• What to produce:
Tally the lines in the listing below that contain the string "From", and state only the total.

• Given data:

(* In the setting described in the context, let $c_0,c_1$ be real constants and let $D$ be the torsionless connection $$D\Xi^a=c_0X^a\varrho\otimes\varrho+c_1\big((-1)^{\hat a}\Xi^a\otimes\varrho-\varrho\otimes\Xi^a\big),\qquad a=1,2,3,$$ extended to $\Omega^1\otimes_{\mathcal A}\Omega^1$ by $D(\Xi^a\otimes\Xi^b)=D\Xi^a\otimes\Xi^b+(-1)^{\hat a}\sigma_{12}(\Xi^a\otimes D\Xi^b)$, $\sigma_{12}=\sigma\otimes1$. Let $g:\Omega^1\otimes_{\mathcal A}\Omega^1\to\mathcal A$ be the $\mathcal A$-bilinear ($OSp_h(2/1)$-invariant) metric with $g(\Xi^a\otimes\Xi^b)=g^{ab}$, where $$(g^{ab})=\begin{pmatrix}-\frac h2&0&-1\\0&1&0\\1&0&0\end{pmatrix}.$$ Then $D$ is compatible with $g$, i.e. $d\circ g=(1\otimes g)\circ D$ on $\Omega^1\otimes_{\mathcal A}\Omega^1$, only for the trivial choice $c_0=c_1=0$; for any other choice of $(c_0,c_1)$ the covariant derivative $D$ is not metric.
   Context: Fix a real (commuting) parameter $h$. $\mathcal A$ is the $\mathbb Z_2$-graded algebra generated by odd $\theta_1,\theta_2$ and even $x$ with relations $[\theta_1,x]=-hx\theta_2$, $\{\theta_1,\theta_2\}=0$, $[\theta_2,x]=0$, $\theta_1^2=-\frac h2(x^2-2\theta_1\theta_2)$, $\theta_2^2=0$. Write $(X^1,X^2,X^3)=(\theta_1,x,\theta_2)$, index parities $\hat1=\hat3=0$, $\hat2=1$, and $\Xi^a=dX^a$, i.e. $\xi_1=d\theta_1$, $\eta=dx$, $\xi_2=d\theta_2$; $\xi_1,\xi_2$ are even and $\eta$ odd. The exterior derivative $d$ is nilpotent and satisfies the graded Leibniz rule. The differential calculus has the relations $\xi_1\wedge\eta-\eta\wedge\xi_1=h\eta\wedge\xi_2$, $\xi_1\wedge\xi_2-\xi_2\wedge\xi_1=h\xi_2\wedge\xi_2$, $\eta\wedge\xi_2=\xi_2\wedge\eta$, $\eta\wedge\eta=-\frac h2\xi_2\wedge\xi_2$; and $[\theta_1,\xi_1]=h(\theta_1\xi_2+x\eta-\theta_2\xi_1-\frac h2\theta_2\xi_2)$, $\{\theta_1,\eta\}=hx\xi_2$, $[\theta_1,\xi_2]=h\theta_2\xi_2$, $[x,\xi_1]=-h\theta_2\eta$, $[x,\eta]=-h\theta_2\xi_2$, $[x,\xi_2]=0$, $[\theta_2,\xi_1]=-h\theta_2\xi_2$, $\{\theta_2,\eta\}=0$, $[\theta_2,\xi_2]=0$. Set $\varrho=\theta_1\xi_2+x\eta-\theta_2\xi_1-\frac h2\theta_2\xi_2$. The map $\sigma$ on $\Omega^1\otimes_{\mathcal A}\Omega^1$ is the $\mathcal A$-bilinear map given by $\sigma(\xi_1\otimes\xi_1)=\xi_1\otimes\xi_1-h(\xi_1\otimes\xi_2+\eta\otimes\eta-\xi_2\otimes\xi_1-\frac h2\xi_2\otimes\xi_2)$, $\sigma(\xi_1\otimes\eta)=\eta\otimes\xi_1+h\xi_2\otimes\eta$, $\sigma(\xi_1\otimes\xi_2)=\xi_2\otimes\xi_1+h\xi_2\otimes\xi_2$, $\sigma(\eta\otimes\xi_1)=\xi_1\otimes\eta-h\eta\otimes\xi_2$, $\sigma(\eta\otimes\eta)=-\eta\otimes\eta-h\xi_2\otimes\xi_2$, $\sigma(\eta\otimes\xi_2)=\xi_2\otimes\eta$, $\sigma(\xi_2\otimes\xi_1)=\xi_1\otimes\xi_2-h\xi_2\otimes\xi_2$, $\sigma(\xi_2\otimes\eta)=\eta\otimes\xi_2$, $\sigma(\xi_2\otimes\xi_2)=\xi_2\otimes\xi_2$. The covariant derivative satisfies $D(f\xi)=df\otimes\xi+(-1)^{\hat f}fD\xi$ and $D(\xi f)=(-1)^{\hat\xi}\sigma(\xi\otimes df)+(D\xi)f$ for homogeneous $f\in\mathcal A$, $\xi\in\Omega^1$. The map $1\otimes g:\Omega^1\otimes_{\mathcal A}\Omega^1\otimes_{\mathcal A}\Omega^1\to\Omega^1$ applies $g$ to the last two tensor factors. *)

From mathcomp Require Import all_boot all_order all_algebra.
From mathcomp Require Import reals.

• Response area:
2